Other instances of games being used to solve real-world problems include people in New Zealand reaching out to gamers to help protect the forest, or translating whale sounds into English. McGonigal shared that Minecraft is being used in different communities to reimagine what to do with an empty lot.
Find the future @ the library
Inspired by the 2011 centennial celebration of the Schwartzman branch of New York Public Library, and thinking of the collaboration that happens in games like World of Warcraft, McGonigal got the idea to create a project where people could collaborate and be inspired by the physical space of a library.
Thinking of a goal that would inspire people to collaborate, McGonigal did some research and discovered that 90% of people want to write a book. So she created a game where participants would collaborate, write a book, and make a lifelong dream come true. Calling the project “Find the Future: The Game,” McGonigal conceived that the game would be played for an entire year, and that the first day would take place from 6 p.m.–6 a.m., May 20, 2011, at NYPL. To apply, participants had to write an essay; 10,000 people applied but only 500 were selected. Once inside, participants went on a treasure hunt for 100 world-changing artifacts that lived at the library, including a copy of the Declaration of Independence.
Included with each artifact was a secret tidbit of information that participants had to find, like a scavenger hunt, so that they could see the process of history changing the world, McGonigal said. Participants then wrote their own declaration and had to get 56 other people to sign it.

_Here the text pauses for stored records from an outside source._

Lemma interpolant_extend l P : (length l <= N)%nat -> interpolant l P ->
  exists s P', interpolant (s :: l) P'.
Proof.
  intros Hlen HSP. pose proof HSP as [Hnd [HJ [HP HFP]]].
  destruct (J_good_parameter l HJ) as [s [Hs Hbad]].
  destruct (interpolant_correction l P s HSP Hs Hbad) as [Q [HQ [EQ _]]].
  exists s, (fun x y => P x y + Q x y * circ_prod g1 g2 r l x y); repeat split.
  - constructor; auto. intro; apply Hbad; left; auto.
  - intros a [<-|Ha]; auto.
  - apply wpoly_add; auto. apply (wpoly_le (N - length l + length l)); [lia|].
    apply wpoly_mul; [apply wpoly_of_poly2; auto|apply wpoly_circ_prod].
  - intros a x y [<-|Ha] Hc; [apply EQ; auto|].
    rewrite (circ_prod_zero g1 g2 r l a x y Ha Hc), (HFP a x y Ha Hc); ring.
Qed.

Lemma interpolant_exists : exists l P, length l = S N /\ interpolant l P.
Proof.
  assert (Hk : forall k, (k <= S N)%nat -> exists l P, length l = k /\ interpolant l P).
  { induction k as [|k IH]; intros Hk.
    - exists nil, (fun _ _ => 0); repeat split; try constructor; intros a; [intros []|].
      intros x y [].
    - destruct (IH ltac:(lia)) as [l [P [Hlen HSP]]].
      destruct (interpolant_extend l P ltac:(lia) HSP) as [s [P' HP']].
      exists (s :: l), P'; simpl; auto. }
  apply Hk; lia.
Qed.

Lemma interpolant_agrees l P : length l = S N -> interpolant l P ->
  forall s, J s -> ~ bad_parameter g1 g2 r l s ->
  forall x y, circ (g1 s) (g2 s) r x y = 0 -> F x y = P x y.
Proof.
  intros Hlen HSP s Hs Hbad.
  destruct (interpolant_correction l P s HSP Hs Hbad) as [Q [_ [_ Z]]]. apply Z; lia.
Qed.

End Interpolation.

Lemma smooth2_continuous F : smooth2 F -> forall (u v : R -> R) t,
  continuous u t -> continuous v t -> continuous (fun t => F (u t) (v t)) t.
Proof. intros HF u v t Hu Hv; apply continuous_comp_2; auto; apply (HF nil). Qed.

(* Translating a point of the circle of s by gamma(t) - gamma(s) gives a point
   of the circle of t, and both sides are continuous in t. *)
Lemma agree_on_limit_circle (g1 g2 : R -> R) r (F P : R -> R -> R) d (B : R -> Prop) a b s x y :
  (forall t, continuous g1 t) -> (forall t, continuous g2 t) -> smooth2 F -> poly2 d P ->
  nowhere_dense B -> a < b -> a <= s <= b ->
  (forall t, a < t < b -> ~ B t ->
     forall x y, circ (g1 t) (g2 t) r x y = 0 -> F x y = P x y) ->
  circ (g1 s) (g2 s) r x y = 0 -> F x y = P x y.
Proof.
  intros Hg1 Hg2 HF HP HB Hab Hs Hagree Hc.
  set (u t := g1 t + (x - g1 s)). set (v t := g2 t + (y - g2 s)).
  assert (Hu : forall t, continuous u t)
    by (intros; apply (continuous_plus g1 (fun _ => x - g1 s)); auto using continuous_const).
  assert (Hv : forall t, continuous v t)
    by (intros; apply (continuous_plus g2 (fun _ => y - g2 s)); auto using continuous_const).
  assert (Hz : F (u s) (v s) - P (u s) (v s) = 0).
  { apply (continuous_zero_off_nowhere_dense B (fun t => F (u t) (v t) - P (u t) (v t))
      a b s HB Hab Hs).
    - apply (continuous_minus (fun t => F (u t) (v t)) (fun t => P (u t) (v t)));
        [apply smooth2_continuous|apply (poly2_continuous d)]; auto.
    - intros t Ht HBt. rewrite (Hagree t Ht HBt); [ring|].
      unfold circ, u, v in *; rewrite <- Hc; ring. }
  unfold u, v in Hz. replace (g1 s + (x - g1 s)) with x in Hz by ring.
  replace (g2 s + (y - g2 s)) with y in Hz by ring. lra.
Qed.

Lemma nowhere_dense_avoid (B : R -> Prop) a b : nowhere_dense B -> a < b ->
  exists s, a < s < b /\ ~ B s.
Proof.
  intros HB Hab. destruct (HB a b Hab) as [s [Hs [d [Hd Hn]]]].
  exists s; split; auto. apply Hn; rewrite Rminus_eq_0, Rabs_R0; auto.
Qed.

Lemma poly_on_circles_of_interval g1 g2 L r rho s0 eps N F :
  arclength_simple_closed_curve g1 g2 L -> tubular_radius g1 g2 L rho ->
  0 < r -> r < rho -> 0 < eps ->
  (forall a b, Rabs (a - s0) < eps -> Rabs (b - s0) < eps -> a <> b ->
     0 < (g1 a - g1 b) ^ 2 + (g2 a - g2 b) ^ 2 < 4 * r ^ 2) ->
  smooth2 F ->
  (forall s, Rabs (s - s0) < eps -> exists Ps, poly2 N Ps /\
     forall x y, circ (g1 s) (g2 s) r x y = 0 -> F x y = Ps x y) ->
  exists P, wpoly N P /\ forall s x y, Rabs (s - s0) <= eps ->
    circ (g1 s) (g2 s) r x y = 0 -> F x y = P x y.
Proof.
  intros Hc Ht Hr Hr_rho Heps Hclose HF HFP.
  set (J s := Rabs (s - s0) < eps).
  assert (Hbad : forall l, (forall a, In a l -> J a) -> nowhere_dense (bad_parameter g1 g2 r l))
    by (intros l Hl; apply (nowhere_dense_bad_parameter g1 g2 L r rho); auto;
        intros a b Ha Hb; apply Hclose; apply Hl; auto).
  assert (J_good : forall l, (forall a, In a l -> J a) ->
    exists s, J s /\ ~ bad_parameter g1 g2 r l s).
  { intros l Hl. destruct (nowhere_dense_avoid _ (s0 - eps) (s0 + eps) (Hbad l Hl))
      as [s [Hs Hn]]; [lra|].
    exists s; split; [apply Rabs_lt_between'; lra|auto]. }
  destruct (interpolant_exists g1 g2 r J N F Hr Hclose HFP J_good) as [l [P [Hlen HlP]]].
  exists P; split; [apply HlP|].
  intros s x y Hs Hxy. apply Rabs_le_between' in Hs.
  apply (agree_on_limit_circle g1 g2 r F P (2 * N) (bad_parameter g1 g2 r l)
    (s0 - eps) (s0 + eps) s); auto; try lra.
  - apply (continuous_g1 g1 g2 L Hc).
  - apply (continuous_g2 g1 g2 L Hc).
  - apply poly2_of_wpoly, HlP.
  - apply Hbad, HlP.
  - intros t Ht' Hbt. apply (interpolant_agrees g1 g2 r J N F Hr Hclose HFP l P Hlen HlP); auto.
    apply Rabs_lt_between'; lra.
Qed.

Lemma on_circle_circ g1 g2 r s x y :
  on_circle g1 g2 r s x y <-> circ (g1 s) (g2 s) r x y = 0.
Proof. unfold on_circle, circ; lra. Qed.

Theorem lemma6p1 :
  forall (g1 g2 : R -> R) (L r : R),
    arclength_simple_closed_curve g1 g2 L ->
    0 < r ->
    (exists rho, tubular_radius g1 g2 L rho /\ 2 * r < rho) ->
    forall s0 : R,
    exists eps0 : R, 0 < eps0 /\
    forall (eps : R), 0 < eps < eps0 ->
    forall (N : nat) (F : R -> R -> R),
      smooth2 F ->
      (forall s, Rabs (s - s0) < eps ->
         exists Ps, is_poly2 N Ps /\
           forall x1 x2, on_circle g1 g2 r s x1 x2 -> F x1 x2 = Ps x1 x2) ->
      exists P, is_poly2 (2 * N) P /\
        forall x1 x2, in_A g1 g2 r s0 eps x1 x2 -> F x1 x2 = P x1 x2.
Proof.
  intros g1 g2 L r Hc Hr [rho [Ht Hrho]] s0.
  destruct (centres_close g1 g2 L r rho Hc Ht Hr ltac:(lra) s0) as [e0 [He0 Hclose]].
  exists e0; split; auto. intros eps [Heps Heps0] N F HF HFP.
  destruct (poly_on_circles_of_interval g1 g2 L r rho s0 eps N F) as [P [HP EP]];
    auto; try lra.
  - intros a b Ha Hb; apply Hclose; lra.
  - intros s Hs. destruct (HFP s Hs) as [Ps [HPs EPs]].
    exists Ps; split; [apply poly2_of_is_poly2; auto|].
    intros x y Hxy; apply EPs, on_circle_circ, Hxy.
  - exists P; split; [apply is_poly2_of_poly2, poly2_of_wpoly, HP|].
    intros x1 x2 [s [Hs Hon]]; apply (EP s); [|apply on_circle_circ]; auto.
Qed.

With the support of editors from New York Magazine and New York publishers, as well as a man in Brooklyn who specializes in medieval book binding, all the declarations were put together at the end of the night into 100 Ways to Make History, Volume 1. Staff at NYPL had promised McGonigal that they would include whatever came out of this project in their general collection; instead, they put 100 Ways into their rare books and manuscripts collection, in a case next to the copy of the Declaration of Independence, with a promise to keep it there as long as New York City is standing.
When you play a game, the rules change, McGonigal said.